Thanks for taking a look at Lexie.
Note I use this code on a regular basis. The "cli/cli" main program with the dgango2.lex input specification supports about 20 websites at this point. It is run like this:
$ ./cli -l ../in/django3.lex -i ./site/www_pschlump_com/index.html -o ./www/www_pschlump_com/index.html >,a
Lexie is designed to generate fast lexical analyzer based on transforming a set of regular expressions into a nondeterministic finite state machine (NFA) and then taking that NFA and transforming it into a deterministic finite state (DFA) machine. Multiple DFAs can be generated and can be switched between and pushed and popped to allow context sensitive scanning of input.
Lexie has the ability to change the specification and then regenerate the NFA and DFA at run time.

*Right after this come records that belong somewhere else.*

(* Let $\mathbb{F}\in\{\mathbb{R},\mathbb{C}\}$, let $m\le n\le 2m$, and let $A_1,\dots,A_m$ be $2\times n$ matrices over $\mathbb{F}$, viewed as the $2\times n\times m$ tensor $(A_1;\dots;A_m)$. Suppose $\dim\langle A_1,\dots,A_m\rangle=m$. Let $\ell\le\lfloor n/2\rfloor$ be an integer such that for every choice of scalars $c_{j,t}\in\mathbb{F}$ ($1\le j\le\ell$, $\ell+1\le t\le m$), setting $A'_j=A_j+c_{j,\ell+1}A_{\ell+1}+\cdots+c_{j,m}A_m$, the $n\times 2\ell$ matrix $({A'_1}^T,\dots,{A'_\ell}^T)$ has rank $2\ell$. Then $\mathrm{rank}_{\mathbb{F}}(A_1;\dots;A_m)\ge m+\ell$.
   Context: $(A_1;\dots;A_r)$ denotes the $p\times n\times r$ tensor whose $k$-th slice is the $p\times n$ matrix $A_k$; $(X_1,\dots,X_r)$ denotes horizontal concatenation of matrices; $\langle A_1,\dots,A_m\rangle$ is the $\mathbb{F}$-linear span of the matrices. A rank-one tensor is one whose slices are $\gamma_k\,\mathbf{a}\mathbf{b}^T$ ($k=1,\dots,r$) for fixed nonzero vectors $\mathbf{a},\mathbf{b}$ and a nonzero vector $(\gamma_1,\dots,\gamma_r)$; $\mathrm{rank}_{\mathbb{F}}$ of a tensor is the minimal number of rank-one tensors over $\mathbb{F}$ summing (slicewise) to it. *)

From HB Require Import structures.
From mathcomp Require Import all_boot all_order all_algebra.
Set Implicit Arguments. Unset Strict Implicit. Unset Printing Implicit Defensive.
Import Order.TTheory GRing.Theory Num.Theory.
Local Open Scope ring_scope.

(* A p x n x r tensor (A_1; ...; A_r) is represented by its family of
   slices  T : 'I_r -> 'M[F]_(p, n)  (slice k is T k). *)

Definition rank_one_tensor (F : fieldType) (p n r : nat)
    (T : 'I_r -> 'M[F]_(p, n)) : Prop :=
  exists (a : 'cV[F]_p) (b : 'cV[F]_n) (g : 'I_r -> F),
    [/\ a != 0, b != 0, (exists k, g k != 0)
      & forall k, T k = g k *: (a *m b^T)].

Definition tensor_rank_le (F : fieldType) (p n r : nat)
    (T : 'I_r -> 'M[F]_(p, n)) (k : nat) : Prop :=
  exists S : 'I_k -> 'I_r -> 'M[F]_(p, n),
    (forall i, rank_one_tensor (S i)) /\
    (forall t, T t = \sum_(i < k) S i t).

Definition tensor_rank_ge (F : fieldType) (p n r : nat)
    (T : 'I_r -> 'M[F]_(p, n)) (k : nat) : Prop :=
  forall k', tensor_rank_le T k' -> (k <= k')%N.

(* the slice A_j (0-based index j, as a nat); 0 if out of range *)
Definition slice (F : fieldType) (p n m : nat)
    (A : 'I_m -> 'M[F]_(p, n)) (j : nat) : 'M[F]_(p, n) :=
  odflt 0 (omap A (insub j)).

(* A'_j = A_j + sum_{t >= l} c_{j,t} A_t   (0-based: j < l, l <= t < m) *)
Definition Aprime (F : fieldType) (p n m l : nat)
    (A : 'I_m -> 'M[F]_(p, n)) (c : 'I_l -> 'I_m -> F) (j : 'I_l)
    : 'M[F]_(p, n) :=
  slice A j + \sum_(t < m | (l <= t)%N) c j t *: A t.

Definition Claim6 (F : fieldType) : Prop :=
  forall (m n l : nat) (A : 'I_m -> 'M[F]_(2, n)),
    (m <= n <= 2 * m)%N ->
    \rank (\matrix_(i < m) mxvec (A i)) = m ->
    (l <= n./2)%N ->
    (forall c : 'I_l -> 'I_m -> F,
        \rank (\mxrow_(j < l) (Aprime A c j)^T) = (2 * l)%N) ->
    tensor_rank_ge A (m + l).

From HB Require Import structures.
From mathcomp Require Import all_boot all_order all_algebra.
From mathcomp Require Import zify.
Set Implicit Arguments. Unset Strict Implicit. Unset Printing Implicit Defensive.
Import Order.TTheory GRing.Theory Num.Theory.
Local Open Scope ring_scope.

(* Proof idea (valid over an arbitrary field F).  Take a decomposition
   A_t = sum_{i<k} G_{i,t} a_i b_i^T into k rank-one terms.  Since the slices
   are linearly independent, the k x m coefficient matrix G has rank m, hence
   its last m - l columns have an invertible (m - l) x (m - l) block on some
   rows f(0), ..., f(m-l-1).  Using this block we choose, for each j < l,
   coefficients c_{j,t} (t >= l) such that A'_j = A_j + sum_t c_{j,t} A_t is
   a combination of the terms a_i b_i^T with i outside the image of f only.
   Then the columns of every (A'_j)^T lie in the span of the b_i with i not in
   the image of f, a space of dimension at most k - (m - l).  The rank
   hypothesis gives 2l <= k - (m - l), i.e. k >= m + l. *)

Lemma mxsub_inj_id (R : pzSemiRingType) (k d : nat) (f : 'I_d -> 'I_k) :
  injective f -> mxsub f f (1%:M : 'M[R]_k) = 1%:M.
Proof. by move=> inj_f; apply/matrixP => s s'; rewrite !mxE (inj_eq inj_f). Qed.

Lemma mxrank_zero_rows (F : fieldType) (k n d : nat) (B : 'M[F]_(k, n))
    (f : 'I_d -> 'I_k) :
  injective f -> (forall s, row (f s) B = 0) -> (\rank B + d <= k)%N.
Proof.
move=> inj_f B0; pose R : 'M[F]_(d, k) := rowsub f 1%:M.
have RB0 : R *m B = 0.
  by apply/row_matrixP => s; rewrite -rowsubE row_rowsub B0 row0.
have rkR : \rank R = d.
  have RC1 : R *m colsub f 1%:M = 1%:M by rewrite -mxsub_mul mulmx1 (mxsub_inj_id F inj_f).
  apply/eqP; rewrite eqn_leq rank_leq_row -[X in (X <= _)%N](mxrank1 F d).
  by rewrite -RC1 mxrankM_maxl.
by have := mxrank_mul_min R B; rewrite RB0 mxrank0 rkR; lia.
Qed.

Lemma row_elimination (F : fieldType) (k m l : nat) (G : 'M[F]_(k, m))
    (lm : (l <= m)%N) :
  row_full G ->
  exists (f : 'I_(m - l) -> 'I_k) (y : 'I_l -> 'cV[F]_m),
    [/\ injective f,
        forall j (t : 'I_m), (t < l)%N -> y j t 0 = 0
      & forall j s, (G *m (delta_mx (widen_ord lm j) 0 + y j)) (f s) 0 = 0].
Proof.
move=> /row_fullP [L LG].
have shift_lt (s : 'I_(m - l)) : (s + l < m)%N by rewrite addnC -ltn_subRL.
pose h s : 'I_m := Ordinal (shift_lt s).
have inj_h : injective h.
  by move=> s s' /(congr1 val) /= /addIn /val_inj.
(* P embeds 'cV_(m - l) as the vectors supported on the last m - l indices *)
pose P : 'M[F]_(m, m - l) := colsub h 1%:M.
pose H := G *m P.
have fullH : row_full H.
  apply/row_fullP; exists (rowsub h 1%:M *m L).
  by rewrite mulmxA -(mulmxA _ L) LG mulmx1 -mxsub_mul mul1mx mxsub_inj_id.
pose f := fullrankfun fullH; pose Hs := rowsub f H.
have Hs_unit : Hs \in unitmx by apply: fullrowsub_unit.
pose e j : 'cV[F]_m := delta_mx (widen_ord lm j) 0.
(* y_j = - P Hs^-1 (rows f of G) e_j cancels (rows f of G) e_j *)
exists f, (fun j => - (P *m (invmx Hs *m (rowsub f G *m e j)))).
split=> [||j s]; first exact: fullrankfun_inj.
  move=> j t tl; rewrite mxE [_ t 0]mxE big1 ?oppr0 // => s _.
  rewrite /P !mxE; case: (t =P h s) => [tE|_]; last by rewrite mul0r.
  by move: tl; rewrite tE /= ltnNge leq_addl.
have elim0 : rowsub f G *m (e j - P *m (invmx Hs *m (rowsub f G *m e j))) = 0.
  by rewrite mulmxBr mulmxA [rowsub f G *m P]mul_rowsub_mx -/H -/Hs mulKVmx // subrr.
by have := congr1 (fun M : 'cV_(m - l) => M s 0) elim0; rewrite mul_rowsub_mx !mxE.
Qed.

Lemma mxrow_tr_comb_rank (F : fieldType) (p n k l : nat)
    (a : 'I_k -> 'cV[F]_p) (b : 'I_k -> 'cV[F]_n) (Y : 'I_l -> 'cV[F]_k)
    (Z : pred 'I_k) :
  (forall j i, Z i -> Y j i 0 = 0) ->
  (\rank (\mxrow_(j < l) (\sum_i Y j i 0 *: (a i *m (b i)^T))^T)
     <= \rank (\matrix_(i < k) (if Z i then 0%R else (b i)^T)))%N.
Proof.
move=> YZ; set Bz := \matrix_(i < k) _.
pose Q j : 'M[F]_(k, p) := \matrix_(i, r) (Y j i 0 * a i r 0).
have -> : \mxrow_(j < l) (\sum_i Y j i 0 *: (a i *m (b i)^T))^T
          = Bz^T *m \mxrow_j Q j.
  rewrite mul_mxrow; apply: eq_mxrow => j; apply/matrixP => u r.
  rewrite !mxE summxE; apply: eq_bigr => i _; rewrite !mxE.
  case: (boolP (Z i)) => [Zi | nZi]; first by rewrite YZ // !mxE !mul0r.
  by rewrite big_ord1 !mxE [RHS]mulrC -mulrA.
by rewrite -[X in (_ <= X)%N]mxrank_tr mxrankM_maxl.
Qed.

Lemma tensor_rank_le_coef (F : fieldType) (p n r k : nat)
    (T : 'I_r -> 'M[F]_(p, n)) :
  tensor_rank_le T k ->
  exists (a : 'I_k -> 'cV[F]_p) (b : 'I_k -> 'cV[F]_n) (G : 'M[F]_(k, r)),
    forall t, T t = \sum_i G i t *: (a i *m (b i)^T).
Proof.
move=> [S [S1 TS]].
have /fin_all_exists [abg Habg] : forall i, exists abg :
    'cV[F]_p * 'cV[F]_n * {ffun 'I_r -> F},
    forall t, S i t = abg.2 t *: (abg.1.1 *m abg.1.2^T).
  move=> i; have [a [b [g [_ _ _ Sg]]]] := S1 i.
  by exists (a, b, [ffun t => g t]) => t /=; rewrite ffunE.
exists (fun i => (abg i).1.1), (fun i => (abg i).1.2).
exists (\matrix_(i, t) (abg i).2 t) => t.
by rewrite TS; apply: eq_bigr => i _; rewrite Habg mxE.
Qed.

Section Decomposition.
Variables (F : fieldType) (p n r k : nat) (T : 'I_r -> 'M[F]_(p, n)).
Variables (a : 'I_k -> 'cV[F]_p) (b : 'I_k -> 'cV[F]_n) (G : 'M[F]_(k, r)).
Hypothesis TG : forall t, T t = \sum_i G i t *: (a i *m (b i)^T).

Lemma slices_comb (x : 'cV[F]_r) :
  \sum_t x t 0 *: T t = \sum_i (G *m x) i 0 *: (a i *m (b i)^T).
Proof.
under eq_bigr => t _ do rewrite TG scaler_sumr.
rewrite exchange_big; apply: eq_bigr => i _.
rewrite mxE scaler_suml; apply: eq_bigr => t _.
by rewrite scalerA mulrC.
Qed.

Lemma slices_rank : (\rank (\matrix_(t < r) mxvec (T t)) <= \rank G)%N.
Proof.
pose Bm : 'M[F]_(k, p * n) := \matrix_i mxvec (a i *m (b i)^T).
have -> : \matrix_(t < r) mxvec (T t) = G^T *m Bm.
  apply/matrixP => t u; rewrite !mxE TG linear_sum summxE.
  by apply: eq_bigr => i _; rewrite linearZ !mxE.
by rewrite -[X in (_ <= X)%N]mxrank_tr mxrankM_maxl.
Qed.

End Decomposition.

Lemma Aprime_comb (F : fieldType) (p n m l : nat) (A : 'I_m -> 'M[F]_(p, n))
    (lm : (l <= m)%N) (y : 'I_l -> 'cV[F]_m) :
  (forall j (t : 'I_m), (t < l)%N -> y j t 0 = 0) ->
  forall j, Aprime A (fun j t => y j t 0) j
            = \sum_t (delta_mx (widen_ord lm j) 0 + y j) t 0 *: A t.
Proof.
move=> y_supp j; rewrite /Aprime.
under [RHS]eq_bigr => t _ do rewrite mxE scalerDl.
rewrite big_split /=; congr (_ + _).
  rewrite (bigD1 (widen_ord lm j)) //= big1 ?addr0 => [|t /negbTE tj].
    rewrite mxE !eqxx scale1r /slice insubT /=; first exact: leq_trans lm.
    by move=> jm; congr (A _); apply: val_inj.
  by rewrite mxE tj scale0r.
rewrite [RHS](bigID (fun t : 'I_m => (l <= t)%N)) /= [X in _ = _ + X]big1 ?addr0 //.
by move=> t; rewrite -ltnNge => tl; rewrite y_supp // scale0r.
Qed.

Lemma claim6_field (F : fieldType) : Claim6 F.
Proof.
move=> m n l A /andP[_ n_le] rkA l_le rkA' k decA.
have [a [b [G AG]]] := tensor_rank_le_coef decA.
have fullG : row_full G.
  by rewrite /row_full eqn_leq rank_leq_col -{1}rkA (slices_rank AG).
have lm : (l <= m)%N.
  by apply: leq_trans l_le _; rewrite -(half_double m) -mul2n half_leq.
have [f [y [inj_f y_supp y_elim]]] := row_elimination lm fullG.
pose X j := delta_mx (widen_ord lm j) 0 + y j.
have A'_comb j : Aprime A (fun j t => y j t 0) j
                 = \sum_i (G *m X j) i 0 *: (a i *m (b i)^T).
  by rewrite Aprime_comb // (slices_comb AG).
pose Bz := \matrix_(i < k) (if i \in codom f then 0%R else (b i)^T).
have rk_A' : (2 * l <= \rank Bz)%N.
  rewrite -(rkA' (fun j t => y j t 0)) (eq_mxrow (fun j => congr1 trmx (A'_comb j))).
  by apply: mxrow_tr_comb_rank => j i /codomP [s ->]; apply: y_elim.
have rk_Bz : (\rank Bz + (m - l) <= k)%N.
  by apply: mxrank_zero_rows inj_f _ => s; rewrite rowK codom_f.
lia.
Qed.

Theorem mainTheorem6 :
  (forall F : rcfType, Claim6 F) /\ (forall F : numClosedFieldType, Claim6 F).
Proof. by split => F; apply: claim6_field. Qed.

An Example. You want to specify the scanner for a template language
that starts template with {{
and ends them with }}
. Inside the
template you want to recognize strings. You can embed {{
and }}
inside your strings. The is the context dependent part of lexie.
Also you need to be able to chagne the {{
and }}
to some other
tokens. For example you may want yor tool to work with AngularJS
and it already uses {{
and }} as delimeters. So you wat at runtime to be able to say,
{{changequote "{{" "-=[" "}}" "]=-"}}and change from
{{to
-=[and chagne the closing template marker from
}}to
]=-`.
Lexie can scan languages that involve nested items. For example
you can specify a C-like comment and make it nest and contain
other C-like comments. This make /* commented out /* comment */ nests */
a legitimate input. This is easy to do and an example of this
is in the ./examles directory.
Lexie also has a concept of reserved words to that a pattern match can
pick out word tokens and then lookup specific values of that word as
a reserved word. Example: The pattern [a-zA-Z_][a-zA-Z_0-9]*
matches all identifieers in a language. After the match a check
can be made to see if the identifer is one of the reserved words
or
, and
and return a different token for these.
Lexie is used inside Ringo, the template/macro processor that implements a superset of Django Templates in go. Ringo is based on pongo2 and I am thankful for the wonderful work on pongo2 that lead to building this tool. No code in Lexie is taken from pongo2.
Lexie is also used for a fast user-agent identification library, ua-quick (not open soruce yet, but I am working on it). This has improved the speed of parsing and identifying user agens by a factor of 10,000.
The set of regular expressions that lexie understands is limited but growing. It is adequate to specify simple languages. This is not a Perl-regular expression matcher - nor is it Posix. That said... It is fast and usable.
- Works with UTF8 / Unicode.
- Runs multiple sets of pattern matchers in a context dependent fasion.
- Changeable on the fly at runtime.
- Clear error reporting.
- Embedable - can be used inside another proram.
- Stand alone - can be run as a fast pattern maching tool in a stand alone configuraiton.
- Fast. Fast to perform pattern matches. Fast to modify an existing matcher.
- Clear error messages if a modification of a pattern matcher breaks the matcher.
- Context Senstive Matching with multiple machines and push/pop of machines and states.
- Ability to push-back onto input and re-scan input if necessary.
- Extensible matchers that allow for non-text pattern matching (Think greenhouse control and real time systems control).
- Runs as a goroutine - this improves performance.
- Has a cute name and a cute mascot.
- State machines can be cached in Redis so that they do not need to be regenrated every time.
- Can directly generate state machines in Go code for fast static state macines.
"The name Lexie is an American baby name. In American the meaning of the name Lexie is: defender of mankind. ... 1. People with this name tend to initiate events, to be leaders rather than followers, with powerful personalities." From: www.sheknows.com/baby-names/name/lexie
This is not ment to be a comprehensive list. These are the tools that I use.
Lex is now a quite old tool. I still refer to its documentation it when I am workin in C or C++. It can be used with other languages. The newer replacement flex is a much better choice. Lex apears to me to have a number of serious defects (atleast 20+ years ago it had defects - then I switched to flex).
The open source version of Lex with lots of fixes. Lots of languages are supported. It generates static tables and supports multiple input states. Unicode support is bascially missing. Dynamic re-configuration is not really a choice. It works best in C and C++ with Bison for a parser generator.
- Be able to output the DFA into a file for re-reading quicey - so as to not need to re-build it every time.
- Output should be in "JSON" or ".go" code.